TASK BRIEF>
Starting with the first line below, reproduce each line exactly until you have included the one bearing "d(T (p z), p".

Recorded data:
--------

(* Both coordinates are handled alike; for the first one put p := fst and
   q := fst \o U, two maps pushing lam forward to mu.  The kernels K_X^{0,0}
   and K_X^{1,0} say that d(p z, p z') = d(q z, q z') and
   d(T (p z), p z') = d(T (q z), q z') for (lam \x lam)-a.e. (z, z'); by
   Fubini, for a.e. z these hold for a.e. z', and since a conull set has a
   dense image (mu has full support) p z |-> q z is a well defined isometry
   between dense subsets of X.  Compactness extends it to an isometry A of X
   onto itself with q = A \o p a.e., hence A preserves mu; the second kernel
   gives A (T (p z)) = T (q z), so the continuous maps A \o T and T \o A
   agree on a dense set.  Finally U z = (A z.1, B z.2) for lam-a.e. z, and
   lam' = U_# lam is the image of lam under this product map. *)

From HB Require Import structures.
From mathcomp Require Import all_boot all_order all_algebra.
From mathcomp Require Import all_classical all_reals all_analysis.
From mathcomp Require Import lra.
Import Order.TTheory GRing.Theory Num.Theory.
Local Open Scope classical_set_scope.
Local Open Scope ring_scope.

Lemma eq_approx {R : realFieldType} (a b : R) :
  (forall e, 0 < e -> exists2 c, `|a - c| < e & `|b - c| < e) -> a = b.
Proof.
move=> near; apply/eqP; rewrite -subr_eq0 -normr_le0.
apply/ler_addgt0Pr => e e0; rewrite add0r.
have [c ac bc] := near (e / 2) ltac:(by rewrite divr_gt0).
have := ler_distD c a b; rewrite (distrC c b); lra.
Qed.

--------

ANSWER SECTION>
(* Both coordinates are handled alike; for the first one put p := fst and
   q := fst \o U, two maps pushing lam forward to mu.  The kernels K_X^{0,0}
   and K_X^{1,0} say that d(p z, p z') = d(q z, q z') and
   d(T (p z), p z') = d(T (q z), q z') for (lam \x lam)-a.e. (z, z'); by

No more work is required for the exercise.